__Requirement__. If a line of the listing contains the string "Reals", return that line.

__Data for this task__.
(* There are uncountably many distinct locating-paired-dominating sets of the king grid that have density $2/9$.
   Context: The king grid is the infinite graph with vertex set $\mathbb{Z}\times\mathbb{Z}$ in which two distinct vertices are adjacent iff their Euclidean distance is at most $\sqrt2$. $N(v)$ is the open neighborhood of $v$ and $N[v]=N(v)\cup\{v\}$. A set $S\subset V$ is a locating-paired-dominating set (LPDS) if (i) every vertex $v$ satisfies $N[v]\cap S\neq\emptyset$, (ii) the induced subgraph $G[S]$ has a perfect matching, and (iii) for any two distinct vertices $u,v\in V\setminus S$, $N(u)\cap S\neq N(v)\cap S$. For $k\ge 0$ and $u\in V$, $N^k[u]=\{x: d(u,x)\le k\}$ with $d$ the graph distance. The density of $A\subset V$ is $D(A)=\limsup_{k\to\infty}\frac{|A\cap N^k[u]|}{|N^k[u]|}$ (independent of $u$). *)

From Stdlib Require Import ZArith Reals List.
From Coquelicot Require Import Coquelicot.
Open Scope Z_scope.

Definition V := (Z * Z)%type.

Definition vset := V -> bool.

(* King grid adjacency: distinct vertices at Euclidean distance <= sqrt 2,
   i.e. |dx| <= 1, |dy| <= 1, (dx,dy) <> (0,0). *)
Definition adj (u v : V) : Prop :=
  u <> v /\ Z.abs (fst u - fst v) <= 1 /\ Z.abs (snd u - snd v) <= 1.

Definition inN_closed (v x : V) : Prop := x = v \/ adj v x.

Definition is_LPDS (S : vset) : Prop :=
  (forall v : V, exists x : V, inN_closed v x /\ S x = true) /\
  (* (ii) G[S] has a perfect matching: an involution M on S along edges *)
  (exists M : V -> V, forall x : V, S x = true ->
       S (M x) = true /\ adj x (M x) /\ M (M x) = x) /\
  (forall u v : V, S u = false -> S v = false -> u <> v ->
       exists x : V, ~ ((adj u x /\ S x = true) <-> (adj v x /\ S x = true))).

(* Graph distance in the king grid is the Chebyshev distance, so
   N^k[u] = {x : |x1-u1| <= k, |x2-u2| <= k}, enumerated here. *)
Definition coord_range (c : Z) (k : nat) : list Z :=
  map (fun i => c - Z.of_nat k + Z.of_nat i) (seq 0 (2 * k + 1)).

Definition ball (u : V) (k : nat) : list V :=
  list_prod (coord_range (fst u) k) (coord_range (snd u) k).

Definition ratio (A : vset) (u : V) (k : nat) : R :=
  (INR (length (filter A (ball u k))) / INR (length (ball u k)))%R.

Definition density_at (A : vset) (u : V) : Rbar :=
  LimSup_seq (ratio A u).

(* The set [base] of vertices (x, y) with x - 2y = 0 or 3 (mod 9) is an LPDS of density 2/9:
   it is perfectly matched along the direction (1, -1), and since it is invariant under the
   translations preserving x - 2y mod 9, domination and location reduce to finite checks on the
   nine residues (two non-members at Chebyshev distance > 2 are separated by any dominating set).
   For b : nat -> bool, adding the adjacent pairs (9n+1, 0), (9n+2, 0) for which b n holds keeps
   an LPDS (separation survives enlarging the set and the new pairs match each other) and keeps
   the density, as each column gains at most one vertex.  Reading b n back at (9n+1, 0), Cantor's
   diagonal argument shows that no sequence lists all these sets. *)

From Pilot Require Import Defs.
From Stdlib Require Import ZArith Reals List Lia Lra Bool.
From Coquelicot Require Import Coquelicot.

__Solution for this exercise__.
From Stdlib Require Import ZArith Reals List.
From Stdlib Require Import ZArith Reals List Lia Lra Bool.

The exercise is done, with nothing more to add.